### Exercise
The entries below hold a line with "(* Laplacian-cospectral: same" and a line with "forall x : algC, mup". Return those lines and all that lie between them, exactly and only.

START Provided information

(* Let $G_1,G_2$ be two connected graphs that are cospectral with respect to the Laplacian matrix. If $Z(G_1)\neq Z(G_2)$, then for every $r\geq 1$ the joins $G_1\vee K_r$ and $G_2\vee K_r$ are cospectral with respect to the Laplacian matrix and satisfy $Z(G_1\vee K_r)\neq Z(G_2\vee K_r)$. Likewise, if $Z_{-}(G_1)\neq Z_{-}(G_2)$, then for every $r\geq 1$ the joins $G_1\vee K_r$ and $G_2\vee K_r$ are Laplacian-cospectral and satisfy $Z_{-}(G_1\vee K_r)\neq Z_{-}(G_2\vee K_r)$.
   Context: Graphs are finite, simple, undirected. The Laplacian matrix of $G$ is $L=D-A$, with $D$ the diagonal degree matrix and $A$ the adjacency matrix; graphs are Laplacian-cospectral if their Laplacian matrices have the same multiset of eigenvalues. The join $G\vee H$ is the disjoint union of $G$ and $H$ together with all edges $\{u,v\}$, $u\in V(G)$, $v\in V(H)$. $K_r$ is the complete graph on $r$ vertices. The zero forcing number $Z(G)$ is the minimum size of a set $S\subseteq V(G)$ such that, if the vertices of $S$ are colored blue and all others white, repeated application of the rule ''a blue vertex with exactly one white neighbor forces that neighbor to become blue'' eventually makes every vertex blue. The skew zero forcing number $Z_{-}(G)$ is defined in the same way but with the rule ''any vertex (blue or white) that has exactly one white neighbor forces that neighbor to become blue''. *)

From HB Require Import structures.
From mathcomp Require Import all_boot all_order all_algebra all_field.
Set Implicit Arguments. Unset Strict Implicit. Unset Printing Implicit Defensive.
Import GRing.Theory Num.Theory.
Local Open Scope ring_scope.

Definition simple_graph n (G : rel 'I_n) : Prop :=
  symmetric G /\ irreflexive G.

Definition connected_graph n (G : rel 'I_n) : Prop :=
  forall u v : 'I_n, connect G u v.

Definition laplacian n (G : rel 'I_n) : 'M[algC]_n :=
  \matrix_(i, j)
    (if i == j then (#|[set k | G i k]|)%:R else - ((G i j : nat)%:R)).

(* Laplacian-cospectral: same number of vertices and the same multiset of
   Laplacian eigenvalues (eigenvalues counted with algebraic multiplicity,
   i.e. multiplicity as roots of the characteristic polynomial). *)
Definition L_cospectral n1 n2 (G1 : rel 'I_n1) (G2 : rel 'I_n2) : Prop :=
  n1 = n2 /\
  forall x : algC, mup x (char_poly (laplacian G1)) = mup x (char_poly (laplacian G2)).

(* Complete graph K_r on 'I_r and the join G \/ K_r on 'I_(n + r):
   vertices lshift = vertices of G, rshift = vertices of K_r. *)
Definition complete_graph r : rel 'I_r := fun a b => a != b.

Definition join_complete n (G : rel 'I_n) r : rel 'I_(n + r) :=
  fun u v =>
    match split u, split v with
    | inl a, inl b => G a b
    | inr a, inr b => complete_graph a b
    | _, _ => true
    end.

Arguments join_complete {n} G r.

Definition white_nbrs (T : finType) (G : rel T) (B : {set T}) (u : T) : {set T} :=
  [set w | G u w & w \notin B].

(* One round applying every available force of the standard rule
   (a blue vertex with exactly one white neighbour forces it). *)
Definition zf_step (T : finType) (G : rel T) (B : {set T}) : {set T} :=
  B :|: [set w | [exists u, (u \in B) && (white_nbrs G B u == [set w])]].

Definition szf_step (T : finType) (G : rel T) (B : {set T}) : {set T} :=
  B :|: [set w | [exists u, white_nbrs G B u == [set w]]].

(* Final colouring: iterate until stable (#|T| rounds suffice). *)
Definition zf_closure (T : finType) (G : rel T) (S : {set T}) :=
  iter #|T| (zf_step G) S.
Definition szf_closure (T : finType) (G : rel T) (S : {set T}) :=
  iter #|T| (szf_step G) S.

Definition zero_forcing_set (T : finType) (G : rel T) (S : {set T}) : bool :=
  zf_closure G S == setT.
Definition skew_zero_forcing_set (T : finType) (G : rel T) (S : {set T}) : bool :=
  szf_closure G S == setT.

Definition Z (T : finType) (G : rel T) : nat :=
  \big[minn/#|T|]_(S : {set T} | zero_forcing_set G S) #|S|.
Definition Zskew (T : finType) (G : rel T) : nat :=
  \big[minn/#|T|]_(S : {set T} | skew_zero_forcing_set G S) #|S|.

(* For a = y - r and d = y - n, the matrix y I - L(G \/ K_r) has the block form
   [[a I - L(G), 1], [1, d I - L(K_r)]] whose diagonal blocks have constant row
   sums a and d, so eliminating the all-ones blocks gives
     chi(G \/ K_r)(y) = (1 - n r / (a d)) chi(G)(y - r) chi(K_r)(y - n):
   the Laplacian characteristic polynomial of the join depends on G only through
   that of G.

   For G without isolated vertices, Z(G \/ K_r) = Z(G) + r, and likewise for Z_-.
   A forcing set of G together with K_r forces the join.  Conversely the G-part of
   a forcing set S of the join forces G, since a vertex of K_r that forces sees
   every white vertex of G, and a G-neighbour of the unique one can force it
   instead.  If S misses part of K_r, the first force out of S is so constrained
   (every vertex of K_r sees every white vertex) that the G-part of S is not a
   minimum forcing set, or is all of G, or -- only under the skew rule -- S misses
   exactly two vertices of the join; Z(G) <= n - 1 and Z_-(G) <= n - 2 close the
   count. *)

From mathcomp Require Import all_boot all_order all_algebra all_field.
From mathcomp Require Import zify ring.
From Stdlib Require Import FunctionalExtensionality.
Set Implicit Arguments. Unset Strict Implicit. Unset Printing Implicit Defensive.
Import Order.TTheory GRing.Theory Num.Theory.

Section SplitSets.
Variables n r : nat.
Implicit Types (X Y : {set 'I_(n + r)}) (A : {set 'I_n}) (C : {set 'I_r}).

Definition lpart X : {set 'I_n} := [set a | lshift r a \in X].
Definition rpart X : {set 'I_r} := [set k | rshift n k \in X].
Definition join_set A C : {set 'I_(n + r)} :=
  [set v | match split v with inl a => a \in A | inr k => k \in C end].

END Provided information

### Task output
(* Laplacian-cospectral: same number of vertices and the same multiset of
   Laplacian eigenvalues (eigenvalues counted with algebraic multiplicity,
   i.e. multiplicity as roots of the characteristic polynomial). *)
Definition L_cospectral n1 n2 (G1 : rel 'I_n1) (G2 : rel 'I_n2) : Prop :=
  n1 = n2 /\
  forall x : algC, mup x (char_poly (laplacian G1)) = mup x (char_poly (laplacian G2)).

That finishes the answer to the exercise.